_What is needed_: List each line of the data that holds the word "xpredT".

___

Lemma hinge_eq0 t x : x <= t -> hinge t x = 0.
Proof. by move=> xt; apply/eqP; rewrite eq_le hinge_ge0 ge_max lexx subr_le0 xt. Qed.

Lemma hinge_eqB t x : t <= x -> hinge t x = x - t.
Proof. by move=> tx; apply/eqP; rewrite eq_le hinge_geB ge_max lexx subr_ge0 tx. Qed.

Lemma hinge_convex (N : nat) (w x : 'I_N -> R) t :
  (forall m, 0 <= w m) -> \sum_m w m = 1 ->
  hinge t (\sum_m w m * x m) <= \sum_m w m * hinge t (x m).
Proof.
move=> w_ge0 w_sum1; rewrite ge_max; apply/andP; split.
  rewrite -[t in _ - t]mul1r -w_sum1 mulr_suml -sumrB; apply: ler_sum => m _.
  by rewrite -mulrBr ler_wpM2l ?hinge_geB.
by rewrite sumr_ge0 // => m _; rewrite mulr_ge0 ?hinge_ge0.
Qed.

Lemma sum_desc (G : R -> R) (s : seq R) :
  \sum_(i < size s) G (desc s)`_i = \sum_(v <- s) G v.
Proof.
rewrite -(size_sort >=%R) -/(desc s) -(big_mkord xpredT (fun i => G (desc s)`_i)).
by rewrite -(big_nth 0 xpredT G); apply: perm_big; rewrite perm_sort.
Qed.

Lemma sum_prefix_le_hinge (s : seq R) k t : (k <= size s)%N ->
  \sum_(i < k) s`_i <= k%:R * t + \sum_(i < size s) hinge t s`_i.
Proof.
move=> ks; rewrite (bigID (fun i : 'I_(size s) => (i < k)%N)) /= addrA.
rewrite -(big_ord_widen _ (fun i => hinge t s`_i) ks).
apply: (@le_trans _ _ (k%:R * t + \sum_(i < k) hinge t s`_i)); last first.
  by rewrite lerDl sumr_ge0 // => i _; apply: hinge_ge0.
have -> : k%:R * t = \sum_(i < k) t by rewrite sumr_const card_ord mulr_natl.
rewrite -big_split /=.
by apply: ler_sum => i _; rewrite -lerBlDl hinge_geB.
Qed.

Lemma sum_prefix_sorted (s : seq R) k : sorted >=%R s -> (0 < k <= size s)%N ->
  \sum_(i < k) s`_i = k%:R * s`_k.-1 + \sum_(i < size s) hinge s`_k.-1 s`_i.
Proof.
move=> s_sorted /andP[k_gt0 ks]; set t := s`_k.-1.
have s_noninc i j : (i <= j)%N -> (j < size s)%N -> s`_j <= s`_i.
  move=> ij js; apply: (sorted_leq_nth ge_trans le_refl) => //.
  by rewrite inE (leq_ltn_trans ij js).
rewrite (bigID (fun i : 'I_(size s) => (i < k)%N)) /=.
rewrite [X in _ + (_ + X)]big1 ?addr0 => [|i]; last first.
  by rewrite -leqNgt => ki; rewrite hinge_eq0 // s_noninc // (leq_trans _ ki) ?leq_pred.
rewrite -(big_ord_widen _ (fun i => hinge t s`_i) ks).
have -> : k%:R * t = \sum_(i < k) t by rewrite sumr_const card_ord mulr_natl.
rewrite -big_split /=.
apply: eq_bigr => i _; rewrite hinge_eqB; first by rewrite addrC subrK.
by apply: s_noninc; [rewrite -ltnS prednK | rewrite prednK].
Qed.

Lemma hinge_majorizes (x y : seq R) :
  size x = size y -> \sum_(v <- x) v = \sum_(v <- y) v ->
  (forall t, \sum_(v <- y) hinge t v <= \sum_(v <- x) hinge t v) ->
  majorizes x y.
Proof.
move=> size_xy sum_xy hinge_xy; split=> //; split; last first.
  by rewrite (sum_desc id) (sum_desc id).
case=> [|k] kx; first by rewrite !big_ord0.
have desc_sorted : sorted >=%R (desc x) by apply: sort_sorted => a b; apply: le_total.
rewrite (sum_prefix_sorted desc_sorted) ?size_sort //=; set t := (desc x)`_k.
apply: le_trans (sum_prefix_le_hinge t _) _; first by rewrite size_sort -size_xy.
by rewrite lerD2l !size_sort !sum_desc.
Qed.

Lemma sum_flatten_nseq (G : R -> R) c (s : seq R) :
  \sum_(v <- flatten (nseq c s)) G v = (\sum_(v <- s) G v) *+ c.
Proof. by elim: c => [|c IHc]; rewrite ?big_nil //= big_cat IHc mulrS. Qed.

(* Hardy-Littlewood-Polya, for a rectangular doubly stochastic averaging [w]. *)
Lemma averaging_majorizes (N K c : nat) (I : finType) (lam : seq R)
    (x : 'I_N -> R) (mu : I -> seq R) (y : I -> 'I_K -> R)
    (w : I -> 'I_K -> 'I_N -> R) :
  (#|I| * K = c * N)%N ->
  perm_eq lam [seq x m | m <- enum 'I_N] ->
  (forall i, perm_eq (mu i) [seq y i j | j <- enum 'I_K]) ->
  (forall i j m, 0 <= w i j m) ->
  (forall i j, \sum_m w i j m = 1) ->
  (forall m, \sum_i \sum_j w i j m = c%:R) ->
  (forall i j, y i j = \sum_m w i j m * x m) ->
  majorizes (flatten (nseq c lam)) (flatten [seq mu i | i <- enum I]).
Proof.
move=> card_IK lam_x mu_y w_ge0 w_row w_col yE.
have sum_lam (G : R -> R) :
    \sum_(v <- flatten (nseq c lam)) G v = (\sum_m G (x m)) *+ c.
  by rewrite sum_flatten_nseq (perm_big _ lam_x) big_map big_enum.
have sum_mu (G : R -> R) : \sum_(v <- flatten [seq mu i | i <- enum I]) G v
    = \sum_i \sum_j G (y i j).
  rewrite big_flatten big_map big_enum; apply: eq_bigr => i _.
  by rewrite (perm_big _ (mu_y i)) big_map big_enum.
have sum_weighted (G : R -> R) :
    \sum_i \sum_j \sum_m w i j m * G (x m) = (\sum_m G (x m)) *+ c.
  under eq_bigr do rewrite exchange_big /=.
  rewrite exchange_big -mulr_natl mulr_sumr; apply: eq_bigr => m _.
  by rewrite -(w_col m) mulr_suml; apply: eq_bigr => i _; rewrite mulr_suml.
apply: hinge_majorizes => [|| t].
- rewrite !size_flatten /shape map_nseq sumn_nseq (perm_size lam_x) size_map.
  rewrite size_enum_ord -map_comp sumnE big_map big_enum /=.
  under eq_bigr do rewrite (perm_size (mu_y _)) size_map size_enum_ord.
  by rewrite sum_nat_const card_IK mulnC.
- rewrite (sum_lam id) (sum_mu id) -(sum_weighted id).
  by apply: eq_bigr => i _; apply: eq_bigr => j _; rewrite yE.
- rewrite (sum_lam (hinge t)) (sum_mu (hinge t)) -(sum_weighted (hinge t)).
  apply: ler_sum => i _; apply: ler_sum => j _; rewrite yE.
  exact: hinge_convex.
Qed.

___

_Final answer_:
rewrite -(size_sort >=%R) -/(desc s) -(big_mkord xpredT (fun i => G (desc s)`_i)).
by rewrite -(big_nth 0 xpredT G); apply: perm_big; rewrite perm_sort.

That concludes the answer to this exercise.